Collection entries
--------------------

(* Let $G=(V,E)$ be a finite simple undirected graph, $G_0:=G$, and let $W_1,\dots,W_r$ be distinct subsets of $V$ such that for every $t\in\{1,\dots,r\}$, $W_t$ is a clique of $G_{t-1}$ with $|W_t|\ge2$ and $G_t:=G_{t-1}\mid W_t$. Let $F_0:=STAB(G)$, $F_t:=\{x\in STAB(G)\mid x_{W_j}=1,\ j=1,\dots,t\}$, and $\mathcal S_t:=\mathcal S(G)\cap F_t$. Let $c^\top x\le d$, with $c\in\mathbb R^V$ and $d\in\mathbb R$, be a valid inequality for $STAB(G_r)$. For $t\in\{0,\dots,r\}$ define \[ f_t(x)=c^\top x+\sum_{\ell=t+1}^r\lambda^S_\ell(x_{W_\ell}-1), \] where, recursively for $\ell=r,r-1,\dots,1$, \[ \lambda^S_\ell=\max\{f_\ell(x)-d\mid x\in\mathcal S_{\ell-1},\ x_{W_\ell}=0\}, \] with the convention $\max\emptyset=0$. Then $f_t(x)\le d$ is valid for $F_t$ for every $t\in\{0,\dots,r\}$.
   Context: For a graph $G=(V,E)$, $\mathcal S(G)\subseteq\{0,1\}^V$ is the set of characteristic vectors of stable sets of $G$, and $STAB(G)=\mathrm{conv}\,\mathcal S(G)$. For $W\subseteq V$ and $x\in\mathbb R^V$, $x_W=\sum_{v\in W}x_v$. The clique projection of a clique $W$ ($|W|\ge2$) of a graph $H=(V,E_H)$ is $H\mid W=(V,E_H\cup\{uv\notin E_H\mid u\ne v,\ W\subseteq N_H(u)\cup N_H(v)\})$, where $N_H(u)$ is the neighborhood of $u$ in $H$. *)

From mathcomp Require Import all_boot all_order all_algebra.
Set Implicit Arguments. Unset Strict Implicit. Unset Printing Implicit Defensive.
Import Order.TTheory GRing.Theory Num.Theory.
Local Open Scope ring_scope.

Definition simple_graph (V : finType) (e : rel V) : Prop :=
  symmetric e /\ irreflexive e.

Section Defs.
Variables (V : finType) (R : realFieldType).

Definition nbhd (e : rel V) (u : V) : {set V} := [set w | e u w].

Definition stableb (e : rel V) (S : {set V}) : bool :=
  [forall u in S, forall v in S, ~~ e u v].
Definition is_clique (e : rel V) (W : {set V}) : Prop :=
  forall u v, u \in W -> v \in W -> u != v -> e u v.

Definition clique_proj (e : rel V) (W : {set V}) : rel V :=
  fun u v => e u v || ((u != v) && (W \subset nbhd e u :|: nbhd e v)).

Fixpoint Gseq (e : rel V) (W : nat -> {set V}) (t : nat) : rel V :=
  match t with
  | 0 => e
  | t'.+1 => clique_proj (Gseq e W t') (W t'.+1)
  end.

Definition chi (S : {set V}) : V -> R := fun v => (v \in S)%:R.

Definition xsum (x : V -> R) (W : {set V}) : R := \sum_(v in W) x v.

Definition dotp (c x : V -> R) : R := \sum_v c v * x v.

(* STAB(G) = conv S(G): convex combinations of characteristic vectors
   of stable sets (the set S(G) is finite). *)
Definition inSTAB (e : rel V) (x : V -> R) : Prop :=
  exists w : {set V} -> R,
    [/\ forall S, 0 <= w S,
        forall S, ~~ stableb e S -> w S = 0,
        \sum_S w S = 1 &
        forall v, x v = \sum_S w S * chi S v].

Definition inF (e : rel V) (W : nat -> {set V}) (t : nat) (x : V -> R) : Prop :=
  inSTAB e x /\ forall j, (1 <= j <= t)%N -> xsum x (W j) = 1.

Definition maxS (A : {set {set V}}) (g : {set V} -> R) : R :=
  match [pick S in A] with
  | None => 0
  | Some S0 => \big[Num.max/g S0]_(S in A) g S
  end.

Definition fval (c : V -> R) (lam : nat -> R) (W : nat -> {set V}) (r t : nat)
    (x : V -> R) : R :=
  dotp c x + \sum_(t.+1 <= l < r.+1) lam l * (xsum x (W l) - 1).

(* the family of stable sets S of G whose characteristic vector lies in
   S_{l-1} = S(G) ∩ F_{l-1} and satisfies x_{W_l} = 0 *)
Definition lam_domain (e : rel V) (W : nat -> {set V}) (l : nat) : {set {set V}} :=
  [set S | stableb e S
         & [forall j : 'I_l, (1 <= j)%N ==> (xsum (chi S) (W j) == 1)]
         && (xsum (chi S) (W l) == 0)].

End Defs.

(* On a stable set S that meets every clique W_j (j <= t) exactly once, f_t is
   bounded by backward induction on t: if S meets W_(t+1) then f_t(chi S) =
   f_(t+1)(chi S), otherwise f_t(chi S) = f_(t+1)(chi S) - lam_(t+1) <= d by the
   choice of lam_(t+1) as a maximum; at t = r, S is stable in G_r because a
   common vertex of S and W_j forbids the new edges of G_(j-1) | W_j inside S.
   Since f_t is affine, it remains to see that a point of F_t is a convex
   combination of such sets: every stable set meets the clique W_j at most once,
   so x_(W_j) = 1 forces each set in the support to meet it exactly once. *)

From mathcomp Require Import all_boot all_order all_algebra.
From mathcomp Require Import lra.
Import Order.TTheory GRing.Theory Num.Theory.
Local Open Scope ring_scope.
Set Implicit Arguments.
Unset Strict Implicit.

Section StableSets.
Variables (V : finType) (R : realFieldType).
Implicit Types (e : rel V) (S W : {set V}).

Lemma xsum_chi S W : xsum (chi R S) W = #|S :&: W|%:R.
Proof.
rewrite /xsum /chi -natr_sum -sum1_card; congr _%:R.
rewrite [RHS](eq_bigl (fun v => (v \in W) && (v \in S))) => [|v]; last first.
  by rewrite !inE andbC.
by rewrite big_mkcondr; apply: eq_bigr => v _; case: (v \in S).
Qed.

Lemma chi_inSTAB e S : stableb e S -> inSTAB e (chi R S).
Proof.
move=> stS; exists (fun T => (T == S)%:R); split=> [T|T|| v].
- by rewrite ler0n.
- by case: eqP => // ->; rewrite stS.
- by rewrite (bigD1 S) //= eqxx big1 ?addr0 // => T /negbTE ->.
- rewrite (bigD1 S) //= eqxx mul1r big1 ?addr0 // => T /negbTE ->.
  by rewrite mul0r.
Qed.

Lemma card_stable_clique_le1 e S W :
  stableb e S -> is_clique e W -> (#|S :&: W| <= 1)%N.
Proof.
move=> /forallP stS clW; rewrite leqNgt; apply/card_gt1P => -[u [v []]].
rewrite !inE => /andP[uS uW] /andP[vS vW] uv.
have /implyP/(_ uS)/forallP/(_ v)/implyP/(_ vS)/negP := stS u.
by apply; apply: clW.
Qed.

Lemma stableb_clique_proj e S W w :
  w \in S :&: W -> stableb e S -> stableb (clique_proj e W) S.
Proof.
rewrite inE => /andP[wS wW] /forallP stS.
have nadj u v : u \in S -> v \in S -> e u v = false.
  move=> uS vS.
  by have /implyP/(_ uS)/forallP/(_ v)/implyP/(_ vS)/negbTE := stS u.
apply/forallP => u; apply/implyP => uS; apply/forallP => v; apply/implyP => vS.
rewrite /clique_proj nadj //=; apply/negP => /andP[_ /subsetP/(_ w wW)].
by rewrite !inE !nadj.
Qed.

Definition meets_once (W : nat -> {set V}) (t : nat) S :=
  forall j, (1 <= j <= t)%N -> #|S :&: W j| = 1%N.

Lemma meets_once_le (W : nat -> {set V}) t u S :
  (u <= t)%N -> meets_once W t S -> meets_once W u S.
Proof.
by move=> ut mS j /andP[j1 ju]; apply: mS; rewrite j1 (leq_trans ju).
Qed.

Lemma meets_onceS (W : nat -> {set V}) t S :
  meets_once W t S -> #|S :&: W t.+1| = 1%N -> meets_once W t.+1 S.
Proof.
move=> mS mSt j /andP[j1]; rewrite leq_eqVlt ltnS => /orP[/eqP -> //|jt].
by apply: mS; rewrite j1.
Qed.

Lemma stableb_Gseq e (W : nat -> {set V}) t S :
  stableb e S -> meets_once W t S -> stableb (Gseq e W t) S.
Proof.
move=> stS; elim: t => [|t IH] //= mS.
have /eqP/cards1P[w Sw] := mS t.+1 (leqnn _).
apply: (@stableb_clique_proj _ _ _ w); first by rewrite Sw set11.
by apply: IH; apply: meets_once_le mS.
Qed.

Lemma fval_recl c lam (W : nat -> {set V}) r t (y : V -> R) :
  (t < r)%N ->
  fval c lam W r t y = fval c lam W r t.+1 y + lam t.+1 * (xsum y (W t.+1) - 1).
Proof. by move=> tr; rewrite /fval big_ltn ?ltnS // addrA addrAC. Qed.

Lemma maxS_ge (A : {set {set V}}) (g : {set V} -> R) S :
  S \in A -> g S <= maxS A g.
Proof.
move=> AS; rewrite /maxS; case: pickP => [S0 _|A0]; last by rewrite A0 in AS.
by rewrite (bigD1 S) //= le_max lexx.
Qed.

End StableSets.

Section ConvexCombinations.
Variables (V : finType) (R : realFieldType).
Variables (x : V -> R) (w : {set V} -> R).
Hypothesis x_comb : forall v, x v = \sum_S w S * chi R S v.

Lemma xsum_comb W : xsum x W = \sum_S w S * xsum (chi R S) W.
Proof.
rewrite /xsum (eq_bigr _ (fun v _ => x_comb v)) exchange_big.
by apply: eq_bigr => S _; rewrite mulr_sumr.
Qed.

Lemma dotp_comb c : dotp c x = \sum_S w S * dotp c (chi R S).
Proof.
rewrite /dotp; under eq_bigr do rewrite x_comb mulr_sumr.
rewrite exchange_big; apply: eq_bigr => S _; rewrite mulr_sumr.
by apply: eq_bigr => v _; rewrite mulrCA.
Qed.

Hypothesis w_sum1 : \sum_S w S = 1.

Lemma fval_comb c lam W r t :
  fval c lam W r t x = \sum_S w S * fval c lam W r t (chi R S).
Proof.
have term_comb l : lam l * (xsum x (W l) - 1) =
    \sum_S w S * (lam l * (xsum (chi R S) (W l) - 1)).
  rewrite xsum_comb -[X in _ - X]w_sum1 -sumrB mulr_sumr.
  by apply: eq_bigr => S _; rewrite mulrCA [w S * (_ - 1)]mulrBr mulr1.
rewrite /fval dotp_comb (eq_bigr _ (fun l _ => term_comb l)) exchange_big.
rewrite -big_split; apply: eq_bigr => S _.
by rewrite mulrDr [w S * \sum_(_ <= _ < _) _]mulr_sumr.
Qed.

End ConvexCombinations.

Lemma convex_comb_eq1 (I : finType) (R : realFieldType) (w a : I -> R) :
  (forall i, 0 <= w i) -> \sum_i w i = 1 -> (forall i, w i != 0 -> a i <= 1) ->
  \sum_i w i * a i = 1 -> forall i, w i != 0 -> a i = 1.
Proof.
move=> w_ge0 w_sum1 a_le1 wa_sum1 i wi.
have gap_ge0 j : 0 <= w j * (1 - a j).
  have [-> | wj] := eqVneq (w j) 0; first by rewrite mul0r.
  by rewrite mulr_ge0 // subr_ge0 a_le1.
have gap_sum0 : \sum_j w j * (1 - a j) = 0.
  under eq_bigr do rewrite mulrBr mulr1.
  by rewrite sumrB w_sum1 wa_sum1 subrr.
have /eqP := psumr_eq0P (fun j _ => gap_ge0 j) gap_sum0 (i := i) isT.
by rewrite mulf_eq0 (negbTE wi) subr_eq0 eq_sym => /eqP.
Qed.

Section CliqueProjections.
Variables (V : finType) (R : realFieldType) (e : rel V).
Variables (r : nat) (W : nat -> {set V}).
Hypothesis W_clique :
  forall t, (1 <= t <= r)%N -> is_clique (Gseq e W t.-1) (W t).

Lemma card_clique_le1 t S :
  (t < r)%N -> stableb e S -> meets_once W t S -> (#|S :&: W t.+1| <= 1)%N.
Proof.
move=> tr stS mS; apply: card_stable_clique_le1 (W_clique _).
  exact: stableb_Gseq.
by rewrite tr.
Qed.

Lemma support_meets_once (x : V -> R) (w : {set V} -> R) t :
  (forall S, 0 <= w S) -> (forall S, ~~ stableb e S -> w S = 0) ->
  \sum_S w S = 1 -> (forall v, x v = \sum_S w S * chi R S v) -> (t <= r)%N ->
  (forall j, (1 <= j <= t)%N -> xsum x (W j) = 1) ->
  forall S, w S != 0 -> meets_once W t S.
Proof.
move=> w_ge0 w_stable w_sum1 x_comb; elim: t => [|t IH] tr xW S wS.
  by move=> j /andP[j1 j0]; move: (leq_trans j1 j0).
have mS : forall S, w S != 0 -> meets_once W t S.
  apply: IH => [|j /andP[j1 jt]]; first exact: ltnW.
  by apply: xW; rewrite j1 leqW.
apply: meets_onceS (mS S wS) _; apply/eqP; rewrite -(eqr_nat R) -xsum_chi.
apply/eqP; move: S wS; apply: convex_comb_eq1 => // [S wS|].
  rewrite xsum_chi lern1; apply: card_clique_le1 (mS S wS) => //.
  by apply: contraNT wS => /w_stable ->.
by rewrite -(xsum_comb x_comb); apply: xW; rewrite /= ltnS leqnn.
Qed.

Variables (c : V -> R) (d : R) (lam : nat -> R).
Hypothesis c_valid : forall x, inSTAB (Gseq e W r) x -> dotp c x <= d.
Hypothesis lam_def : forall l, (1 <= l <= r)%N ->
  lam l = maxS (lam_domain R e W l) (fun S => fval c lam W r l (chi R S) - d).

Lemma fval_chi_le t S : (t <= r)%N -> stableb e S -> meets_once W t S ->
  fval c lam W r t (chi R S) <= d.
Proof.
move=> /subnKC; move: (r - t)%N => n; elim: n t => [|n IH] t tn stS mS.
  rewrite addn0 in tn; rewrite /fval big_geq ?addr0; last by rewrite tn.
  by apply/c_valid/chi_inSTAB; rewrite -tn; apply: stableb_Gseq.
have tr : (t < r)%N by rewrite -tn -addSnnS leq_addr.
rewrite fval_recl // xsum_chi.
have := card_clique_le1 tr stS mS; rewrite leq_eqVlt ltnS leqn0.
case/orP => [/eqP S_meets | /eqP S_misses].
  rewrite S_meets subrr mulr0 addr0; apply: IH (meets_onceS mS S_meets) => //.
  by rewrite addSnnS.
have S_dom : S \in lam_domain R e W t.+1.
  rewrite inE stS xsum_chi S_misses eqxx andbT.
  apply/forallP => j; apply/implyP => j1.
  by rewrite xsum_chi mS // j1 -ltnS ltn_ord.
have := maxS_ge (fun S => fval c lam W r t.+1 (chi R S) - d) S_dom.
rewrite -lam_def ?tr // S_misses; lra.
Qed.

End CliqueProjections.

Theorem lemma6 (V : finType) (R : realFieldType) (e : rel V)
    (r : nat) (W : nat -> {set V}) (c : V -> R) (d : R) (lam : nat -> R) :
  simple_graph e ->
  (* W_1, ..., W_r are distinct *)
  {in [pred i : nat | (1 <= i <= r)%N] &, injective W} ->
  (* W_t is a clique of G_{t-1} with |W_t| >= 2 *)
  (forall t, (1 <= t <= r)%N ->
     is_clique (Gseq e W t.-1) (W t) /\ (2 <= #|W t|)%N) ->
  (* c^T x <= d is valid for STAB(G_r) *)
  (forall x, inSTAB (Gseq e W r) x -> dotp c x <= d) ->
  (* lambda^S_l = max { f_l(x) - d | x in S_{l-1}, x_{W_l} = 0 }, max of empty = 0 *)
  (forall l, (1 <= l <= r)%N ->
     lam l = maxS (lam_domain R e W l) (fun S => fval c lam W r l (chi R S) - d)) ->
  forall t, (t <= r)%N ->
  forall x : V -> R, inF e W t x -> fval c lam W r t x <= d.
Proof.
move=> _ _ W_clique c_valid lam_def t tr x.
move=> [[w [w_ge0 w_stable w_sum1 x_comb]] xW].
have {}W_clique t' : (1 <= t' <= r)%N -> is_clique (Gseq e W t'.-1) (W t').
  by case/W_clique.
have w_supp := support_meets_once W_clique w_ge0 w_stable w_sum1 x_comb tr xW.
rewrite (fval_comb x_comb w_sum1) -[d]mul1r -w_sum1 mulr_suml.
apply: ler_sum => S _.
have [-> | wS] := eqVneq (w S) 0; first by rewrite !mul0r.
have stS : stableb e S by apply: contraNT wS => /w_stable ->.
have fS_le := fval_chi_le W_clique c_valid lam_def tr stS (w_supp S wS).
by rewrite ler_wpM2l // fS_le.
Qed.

--------------------

Would you output, from the records above, exactly the run of lines that starts at the line containing "Hypothesis lam_def : forall" and ends at the line containing "forall x : V", and only that run?

Hypothesis lam_def : forall l, (1 <= l <= r)%N ->
  lam l = maxS (lam_domain R e W l) (fun S => fval c lam W r l (chi R S) - d).

Lemma fval_chi_le t S : (t <= r)%N -> stableb e S -> meets_once W t S ->
  fval c lam W r t (chi R S) <= d.
Proof.
move=> /subnKC; move: (r - t)%N => n; elim: n t => [|n IH] t tn stS mS.
  rewrite addn0 in tn; rewrite /fval big_geq ?addr0; last by rewrite tn.
  by apply/c_valid/chi_inSTAB; rewrite -tn; apply: stableb_Gseq.
have tr : (t < r)%N by rewrite -tn -addSnnS leq_addr.
rewrite fval_recl // xsum_chi.
have := card_clique_le1 tr stS mS; rewrite leq_eqVlt ltnS leqn0.
case/orP => [/eqP S_meets | /eqP S_misses].
  rewrite S_meets subrr mulr0 addr0; apply: IH (meets_onceS mS S_meets) => //.
  by rewrite addSnnS.
have S_dom : S \in lam_domain R e W t.+1.
  rewrite inE stS xsum_chi S_misses eqxx andbT.
  apply/forallP => j; apply/implyP => j1.
  by rewrite xsum_chi mS // j1 -ltnS ltn_ord.
have := maxS_ge (fun S => fval c lam W r t.+1 (chi R S) - d) S_dom.
rewrite -lam_def ?tr // S_misses; lra.
Qed.

End CliqueProjections.

Theorem lemma6 (V : finType) (R : realFieldType) (e : rel V)
    (r : nat) (W : nat -> {set V}) (c : V -> R) (d : R) (lam : nat -> R) :
  simple_graph e ->
  (* W_1, ..., W_r are distinct *)
  {in [pred i : nat | (1 <= i <= r)%N] &, injective W} ->
  (* W_t is a clique of G_{t-1} with |W_t| >= 2 *)
  (forall t, (1 <= t <= r)%N ->
     is_clique (Gseq e W t.-1) (W t) /\ (2 <= #|W t|)%N) ->
  (* c^T x <= d is valid for STAB(G_r) *)
  (forall x, inSTAB (Gseq e W r) x -> dotp c x <= d) ->
  (* lambda^S_l = max { f_l(x) - d | x in S_{l-1}, x_{W_l} = 0 }, max of empty = 0 *)
  (forall l, (1 <= l <= r)%N ->
     lam l = maxS (lam_domain R e W l) (fun S => fval c lam W r l (chi R S) - d)) ->
  forall t, (t <= r)%N ->
  forall x : V -> R, inF e W t x -> fval c lam W r t x <= d.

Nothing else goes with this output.